**Task details:** Below are several records. Retype exactly those lines running from the one with "From mathcomp Require Import ring lra." through the one with "During renormalization [w]", end lines included, and no others.

**Material for this task:**
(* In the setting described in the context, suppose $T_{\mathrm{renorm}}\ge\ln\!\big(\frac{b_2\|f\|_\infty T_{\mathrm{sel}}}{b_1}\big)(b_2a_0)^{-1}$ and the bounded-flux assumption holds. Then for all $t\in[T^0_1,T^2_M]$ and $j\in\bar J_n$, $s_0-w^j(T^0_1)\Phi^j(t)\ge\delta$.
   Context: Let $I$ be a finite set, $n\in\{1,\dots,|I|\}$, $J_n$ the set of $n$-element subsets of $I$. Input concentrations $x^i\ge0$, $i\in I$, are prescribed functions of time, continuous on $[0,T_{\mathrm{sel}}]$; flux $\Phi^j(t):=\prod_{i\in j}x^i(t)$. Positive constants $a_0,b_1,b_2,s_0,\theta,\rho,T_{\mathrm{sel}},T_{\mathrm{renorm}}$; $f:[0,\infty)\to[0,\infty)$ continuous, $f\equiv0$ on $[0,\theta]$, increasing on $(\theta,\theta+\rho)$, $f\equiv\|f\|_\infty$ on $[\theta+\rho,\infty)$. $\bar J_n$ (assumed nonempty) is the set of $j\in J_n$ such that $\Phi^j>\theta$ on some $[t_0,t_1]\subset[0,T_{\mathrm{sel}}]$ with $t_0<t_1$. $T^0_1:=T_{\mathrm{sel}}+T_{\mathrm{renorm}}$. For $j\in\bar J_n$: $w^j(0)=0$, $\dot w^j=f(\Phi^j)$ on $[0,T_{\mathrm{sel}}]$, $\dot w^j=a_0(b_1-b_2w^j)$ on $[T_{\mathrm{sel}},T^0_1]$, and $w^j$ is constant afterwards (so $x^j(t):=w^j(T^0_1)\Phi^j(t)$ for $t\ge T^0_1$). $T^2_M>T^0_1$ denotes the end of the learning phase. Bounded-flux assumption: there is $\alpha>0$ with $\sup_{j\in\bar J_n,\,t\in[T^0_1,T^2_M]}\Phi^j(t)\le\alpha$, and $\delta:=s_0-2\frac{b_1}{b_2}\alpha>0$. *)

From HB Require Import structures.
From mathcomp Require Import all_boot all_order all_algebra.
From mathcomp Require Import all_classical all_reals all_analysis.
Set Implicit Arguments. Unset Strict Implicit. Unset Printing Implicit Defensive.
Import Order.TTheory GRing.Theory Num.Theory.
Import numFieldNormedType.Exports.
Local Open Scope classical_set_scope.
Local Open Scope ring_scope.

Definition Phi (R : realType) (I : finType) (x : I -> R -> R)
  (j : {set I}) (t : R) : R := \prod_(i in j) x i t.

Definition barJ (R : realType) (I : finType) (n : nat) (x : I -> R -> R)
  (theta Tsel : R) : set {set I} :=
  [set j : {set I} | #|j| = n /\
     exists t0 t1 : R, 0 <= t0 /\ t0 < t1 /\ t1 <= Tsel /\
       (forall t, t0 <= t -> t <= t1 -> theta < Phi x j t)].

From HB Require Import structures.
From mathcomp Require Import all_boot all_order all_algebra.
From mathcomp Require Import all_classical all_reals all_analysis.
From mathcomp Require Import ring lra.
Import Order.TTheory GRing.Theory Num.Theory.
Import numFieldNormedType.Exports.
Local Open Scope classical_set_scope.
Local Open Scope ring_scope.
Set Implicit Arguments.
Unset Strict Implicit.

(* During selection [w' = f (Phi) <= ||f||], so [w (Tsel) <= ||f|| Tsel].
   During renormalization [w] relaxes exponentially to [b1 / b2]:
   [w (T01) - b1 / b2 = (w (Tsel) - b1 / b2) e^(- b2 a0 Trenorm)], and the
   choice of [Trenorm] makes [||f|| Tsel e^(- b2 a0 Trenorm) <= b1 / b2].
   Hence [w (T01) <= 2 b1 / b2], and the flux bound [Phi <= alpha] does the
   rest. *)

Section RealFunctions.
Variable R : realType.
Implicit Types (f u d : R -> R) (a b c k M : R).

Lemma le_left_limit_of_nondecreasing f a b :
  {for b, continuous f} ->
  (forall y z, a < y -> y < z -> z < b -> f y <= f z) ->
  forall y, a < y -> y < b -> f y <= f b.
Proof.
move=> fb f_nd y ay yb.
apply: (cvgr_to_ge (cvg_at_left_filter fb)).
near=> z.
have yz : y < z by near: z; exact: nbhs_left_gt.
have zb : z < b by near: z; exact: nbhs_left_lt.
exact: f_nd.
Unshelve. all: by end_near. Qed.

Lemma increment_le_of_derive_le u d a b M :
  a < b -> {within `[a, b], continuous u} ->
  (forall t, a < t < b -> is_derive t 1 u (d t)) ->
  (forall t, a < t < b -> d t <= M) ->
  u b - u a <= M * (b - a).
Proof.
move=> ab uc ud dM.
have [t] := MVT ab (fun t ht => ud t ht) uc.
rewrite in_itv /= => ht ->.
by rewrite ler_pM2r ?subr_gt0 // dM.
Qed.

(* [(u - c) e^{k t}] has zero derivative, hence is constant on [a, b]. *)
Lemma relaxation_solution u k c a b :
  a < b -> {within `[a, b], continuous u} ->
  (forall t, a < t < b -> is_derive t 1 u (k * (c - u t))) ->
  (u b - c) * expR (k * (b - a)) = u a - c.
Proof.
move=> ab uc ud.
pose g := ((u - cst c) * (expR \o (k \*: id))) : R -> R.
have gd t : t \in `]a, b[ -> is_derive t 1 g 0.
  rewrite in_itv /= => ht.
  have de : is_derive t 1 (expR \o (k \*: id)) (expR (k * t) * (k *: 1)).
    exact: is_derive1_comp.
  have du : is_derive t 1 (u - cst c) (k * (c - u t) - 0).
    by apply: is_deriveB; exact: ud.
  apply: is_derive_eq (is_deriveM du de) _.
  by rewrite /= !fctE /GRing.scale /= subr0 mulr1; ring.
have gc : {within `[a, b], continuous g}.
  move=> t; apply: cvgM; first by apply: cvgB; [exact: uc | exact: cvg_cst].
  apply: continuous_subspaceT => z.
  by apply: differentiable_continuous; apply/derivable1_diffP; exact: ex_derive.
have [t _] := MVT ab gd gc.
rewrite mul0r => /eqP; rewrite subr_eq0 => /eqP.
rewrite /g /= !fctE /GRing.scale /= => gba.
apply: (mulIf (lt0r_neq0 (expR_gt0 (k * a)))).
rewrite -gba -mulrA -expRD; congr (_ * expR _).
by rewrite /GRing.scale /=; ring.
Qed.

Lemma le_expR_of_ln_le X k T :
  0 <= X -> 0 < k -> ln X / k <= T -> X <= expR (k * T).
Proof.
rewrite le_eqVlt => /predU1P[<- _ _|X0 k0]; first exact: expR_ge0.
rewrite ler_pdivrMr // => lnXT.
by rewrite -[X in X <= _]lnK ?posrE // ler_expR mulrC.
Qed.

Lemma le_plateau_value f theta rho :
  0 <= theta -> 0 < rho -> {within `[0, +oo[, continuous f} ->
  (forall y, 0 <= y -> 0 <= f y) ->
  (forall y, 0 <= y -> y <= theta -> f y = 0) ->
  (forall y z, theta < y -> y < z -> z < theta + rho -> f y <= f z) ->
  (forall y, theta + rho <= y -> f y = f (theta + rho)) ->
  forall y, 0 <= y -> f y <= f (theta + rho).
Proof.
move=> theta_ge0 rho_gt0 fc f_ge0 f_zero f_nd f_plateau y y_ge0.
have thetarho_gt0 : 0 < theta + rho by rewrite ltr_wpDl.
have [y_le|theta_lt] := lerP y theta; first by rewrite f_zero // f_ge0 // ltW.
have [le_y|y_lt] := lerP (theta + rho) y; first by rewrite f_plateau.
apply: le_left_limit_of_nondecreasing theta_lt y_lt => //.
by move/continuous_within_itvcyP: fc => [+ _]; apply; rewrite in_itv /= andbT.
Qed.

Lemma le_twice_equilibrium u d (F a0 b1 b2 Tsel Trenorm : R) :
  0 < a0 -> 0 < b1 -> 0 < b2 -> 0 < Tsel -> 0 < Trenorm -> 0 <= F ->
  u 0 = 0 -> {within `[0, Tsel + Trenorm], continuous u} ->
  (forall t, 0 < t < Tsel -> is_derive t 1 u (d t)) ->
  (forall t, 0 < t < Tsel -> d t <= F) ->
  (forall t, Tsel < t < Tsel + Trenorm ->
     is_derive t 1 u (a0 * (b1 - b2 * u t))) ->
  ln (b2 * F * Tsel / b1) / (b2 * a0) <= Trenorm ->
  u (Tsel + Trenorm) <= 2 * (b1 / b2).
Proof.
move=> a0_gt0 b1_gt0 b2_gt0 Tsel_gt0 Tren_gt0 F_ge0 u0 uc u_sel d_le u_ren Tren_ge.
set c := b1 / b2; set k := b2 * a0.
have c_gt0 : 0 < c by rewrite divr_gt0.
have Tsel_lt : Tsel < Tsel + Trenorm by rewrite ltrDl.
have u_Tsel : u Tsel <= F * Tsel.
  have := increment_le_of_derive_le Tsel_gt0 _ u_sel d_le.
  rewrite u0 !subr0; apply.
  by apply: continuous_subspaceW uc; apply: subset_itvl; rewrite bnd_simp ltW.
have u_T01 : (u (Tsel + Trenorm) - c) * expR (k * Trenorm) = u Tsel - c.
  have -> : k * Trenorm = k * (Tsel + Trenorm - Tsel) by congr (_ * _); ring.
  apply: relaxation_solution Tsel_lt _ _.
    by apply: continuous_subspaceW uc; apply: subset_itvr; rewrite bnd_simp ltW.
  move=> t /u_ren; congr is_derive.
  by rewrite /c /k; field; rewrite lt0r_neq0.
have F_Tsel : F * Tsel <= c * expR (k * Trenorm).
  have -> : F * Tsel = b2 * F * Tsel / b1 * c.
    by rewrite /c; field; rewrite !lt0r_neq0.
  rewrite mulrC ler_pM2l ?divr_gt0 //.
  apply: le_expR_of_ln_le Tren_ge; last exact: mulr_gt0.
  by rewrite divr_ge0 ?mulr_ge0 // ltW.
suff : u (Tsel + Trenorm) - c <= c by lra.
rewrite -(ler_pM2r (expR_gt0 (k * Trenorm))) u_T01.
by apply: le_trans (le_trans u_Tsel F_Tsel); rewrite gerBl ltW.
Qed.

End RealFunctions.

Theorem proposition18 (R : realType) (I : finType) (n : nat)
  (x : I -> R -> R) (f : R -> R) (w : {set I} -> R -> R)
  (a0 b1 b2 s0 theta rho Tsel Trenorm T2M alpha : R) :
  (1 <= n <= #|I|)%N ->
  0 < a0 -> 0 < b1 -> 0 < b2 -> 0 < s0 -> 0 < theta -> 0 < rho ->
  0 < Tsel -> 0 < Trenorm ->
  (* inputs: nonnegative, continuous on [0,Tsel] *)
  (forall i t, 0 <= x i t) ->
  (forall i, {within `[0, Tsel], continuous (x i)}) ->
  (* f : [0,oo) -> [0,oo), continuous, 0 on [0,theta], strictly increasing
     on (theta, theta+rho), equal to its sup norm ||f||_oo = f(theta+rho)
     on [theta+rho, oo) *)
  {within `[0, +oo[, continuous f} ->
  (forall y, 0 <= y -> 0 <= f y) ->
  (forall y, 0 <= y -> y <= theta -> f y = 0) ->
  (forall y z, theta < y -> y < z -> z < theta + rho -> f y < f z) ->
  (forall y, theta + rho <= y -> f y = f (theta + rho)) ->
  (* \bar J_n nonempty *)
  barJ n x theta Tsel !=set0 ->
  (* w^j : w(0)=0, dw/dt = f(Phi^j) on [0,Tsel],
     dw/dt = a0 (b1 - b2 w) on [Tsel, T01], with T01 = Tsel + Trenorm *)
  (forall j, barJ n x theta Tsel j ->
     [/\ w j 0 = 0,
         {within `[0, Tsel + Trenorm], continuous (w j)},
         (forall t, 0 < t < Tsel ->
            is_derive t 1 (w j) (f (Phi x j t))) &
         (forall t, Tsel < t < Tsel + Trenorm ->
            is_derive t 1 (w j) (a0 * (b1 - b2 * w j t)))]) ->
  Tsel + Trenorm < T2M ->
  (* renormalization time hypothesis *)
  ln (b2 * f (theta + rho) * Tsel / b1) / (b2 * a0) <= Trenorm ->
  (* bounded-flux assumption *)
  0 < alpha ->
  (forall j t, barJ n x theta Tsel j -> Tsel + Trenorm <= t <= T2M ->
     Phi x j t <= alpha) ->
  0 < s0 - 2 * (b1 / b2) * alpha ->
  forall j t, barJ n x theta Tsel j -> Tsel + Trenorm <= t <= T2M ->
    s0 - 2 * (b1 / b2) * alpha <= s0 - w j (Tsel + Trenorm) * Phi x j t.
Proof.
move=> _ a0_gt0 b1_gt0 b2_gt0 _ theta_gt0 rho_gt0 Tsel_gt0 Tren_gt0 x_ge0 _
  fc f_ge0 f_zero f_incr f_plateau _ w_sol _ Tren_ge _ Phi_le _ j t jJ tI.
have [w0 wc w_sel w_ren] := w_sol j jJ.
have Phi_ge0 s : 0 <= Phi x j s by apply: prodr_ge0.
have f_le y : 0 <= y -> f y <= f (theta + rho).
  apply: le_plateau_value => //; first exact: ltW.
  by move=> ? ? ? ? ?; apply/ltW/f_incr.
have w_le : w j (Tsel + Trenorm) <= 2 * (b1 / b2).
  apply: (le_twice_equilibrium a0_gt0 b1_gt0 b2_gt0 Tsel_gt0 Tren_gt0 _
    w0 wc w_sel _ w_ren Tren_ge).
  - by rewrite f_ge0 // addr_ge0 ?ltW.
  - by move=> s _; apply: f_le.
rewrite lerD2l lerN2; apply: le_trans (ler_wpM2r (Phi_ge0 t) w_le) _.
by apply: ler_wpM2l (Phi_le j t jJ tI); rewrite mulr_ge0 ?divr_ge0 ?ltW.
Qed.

**Answer box:**
From mathcomp Require Import ring lra.
Import Order.TTheory GRing.Theory Num.Theory.
Import numFieldNormedType.Exports.
Local Open Scope classical_set_scope.
Local Open Scope ring_scope.
Set Implicit Arguments.
Unset Strict Implicit.

(* During selection [w' = f (Phi) <= ||f||], so [w (Tsel) <= ||f|| Tsel].
   During renormalization [w] relaxes exponentially to [b1 / b2]:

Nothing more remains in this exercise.